WHAT YOU NEED TO DO
Every line between the top of the data below and the line with "Implicit Types (A", both ends included, must be retyped exactly.

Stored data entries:
[Start of section]

Local Open Scope ring_scope.

Lemma sum_sign_reversing_involution (R : numDomainType) (T : finType) (P : pred T)
    (f : T -> T) (w : T -> R) :
  involutive f -> (forall x, P x -> P (f x)) -> (forall x, P x -> w (f x) = - w x) ->
  \sum_(x | P x) w x = 0.
Proof.
move=> fK Pf wf; apply/eqP; rewrite -eqNr -sumrN.
rewrite [X in _ == X](reindex_inj (inv_inj fK)) /=; apply/eqP.
by apply: eq_big => [x | x /wf -> //]; apply/idP/idP => /Pf; rewrite ?fK.
Qed.

Section FranklinOnSets.

Variable N : nat.
Implicit Types (A : {set 'I_N.+1}) (l : seq nat).

Lemma weight_parts A : (-1) ^+ npart A * (mpart A + npart A)%:Z = weight (parts A).
Proof. by rewrite /weight /npart /mpart size_parts head_parts. Qed.

Definition franklin_set A : {set 'I_N.+1} :=
  if is_dpart A && ~~ pentagonal (parts A) then set_of_parts N (franklin (parts A))
  else A.

Lemma franklin_set_correct A : is_dpart A -> ~~ pentagonal (parts A) ->
  [/\ parts (franklin_set A) = franklin (parts A), is_dpart (franklin_set A)
    & ~~ pentagonal (parts (franklin_set A))].
Proof.
move=> dpart_A npent_A; have := dpart_A; rewrite is_dpartE => /andP[dseq_A /eqP sumn_A].
have [_ dseq_F npent_F sumn_F _] := franklin_involution dseq_A npent_A.
have parts_F : parts (franklin_set A) = franklin (parts A).
  rewrite /franklin_set dpart_A npent_A set_of_partsK //; first by case/andP: dseq_F.
  by apply/allP => x /mem_le_sumn; rewrite sumn_F sumn_A.
by rewrite is_dpartE parts_F dseq_F sumn_F sumn_A eqxx.
Qed.

Lemma franklin_setK : involutive franklin_set.
Proof.
move=> A; have [|ndA] := boolP (is_dpart A && ~~ pentagonal (parts A)); last first.
  by rewrite /franklin_set (negbTE ndA) (negbTE ndA).
case/andP=> dpart_A npent_A.
have [parts_F dpart_F npent_F] := franklin_set_correct dpart_A npent_A.
have := dpart_A; rewrite is_dpartE => /andP[dseq_A _].
have [FF _ _ _ _] := franklin_involution dseq_A npent_A.
by rewrite {1}/franklin_set dpart_F npent_F parts_F FF partsK.
Qed.

Lemma sum_weight_nonpentagonal :
  \sum_(A : {set 'I_N.+1} | is_dpart A && ~~ pentagonal (parts A)) weight (parts A) = 0.
Proof.
apply: (sum_sign_reversing_involution franklin_setK) => A /andP[dpart_A npent_A];
  have [parts_F dpart_F npent_F] := franklin_set_correct dpart_A npent_A.
  by rewrite dpart_F npent_F.
have := dpart_A; rewrite is_dpartE => /andP[dseq_A _].
by have [_ _ _ _ weight_F] := franklin_involution dseq_A npent_A; rewrite parts_F.
Qed.

Lemma sum_parts_eq l : is_dseq l ->
  \sum_(A : {set 'I_N.+1} | is_dpart A) ((parts A == l) : nat)%:Z
  = ((sumn l == N) : nat)%:Z.
Proof.
case/andP=> sorted_l pos_l; have [sumn_l | sumn_l] := eqVneq (sumn l) N; last first.
  apply: big1 => A; rewrite is_dpartE; have [->|//] := eqVneq (parts A) l.
  by rewrite (negbTE sumn_l) andbF.
have parts_l : parts (set_of_parts N l) = l.
  by rewrite set_of_partsK //; apply/allP => x /mem_le_sumn; rewrite sumn_l.
rewrite (bigD1 (set_of_parts N l)) /=; last first.
  by rewrite is_dpartE parts_l /is_dseq sorted_l pos_l sumn_l eqxx.
rewrite parts_l eqxx big1 ?addr0 // => A /andP[_ ne_A].
by case: eqP => // parts_A; move: ne_A; rewrite -parts_A partsK eqxx.
Qed.

End FranklinOnSets.

Definition pent_term (l : seq nat) (r : nat) : int :=
  (-1) ^+ r * ((3 * r - 1)%:Z * (l == stair (2 * r - 1)%N r)%:Z
             + (3 * r)%:Z * (l == stair (2 * r)%N r)%:Z).

Lemma pent_term_eq0 l r : size l != r -> pent_term l r = 0.
Proof.
move=> size_l; have ne m : (l == stair m r) = false.
  by apply: contraNF size_l => /eqP ->; rewrite size_stair.
by rewrite /pent_term !ne !mulr0.
Qed.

[End of section]

WRITTEN ANSWER
Local Open Scope ring_scope.

Lemma sum_sign_reversing_involution (R : numDomainType) (T : finType) (P : pred T)
    (f : T -> T) (w : T -> R) :
  involutive f -> (forall x, P x -> P (f x)) -> (forall x, P x -> w (f x) = - w x) ->
  \sum_(x | P x) w x = 0.
Proof.
move=> fK Pf wf; apply/eqP; rewrite -eqNr -sumrN.
rewrite [X in _ == X](reindex_inj (inv_inj fK)) /=; apply/eqP.
by apply: eq_big => [x | x /wf -> //]; apply/idP/idP => /Pf; rewrite ?fK.
Qed.

Section FranklinOnSets.

Variable N : nat.
Implicit Types (A : {set 'I_N.+1}) (l : seq nat).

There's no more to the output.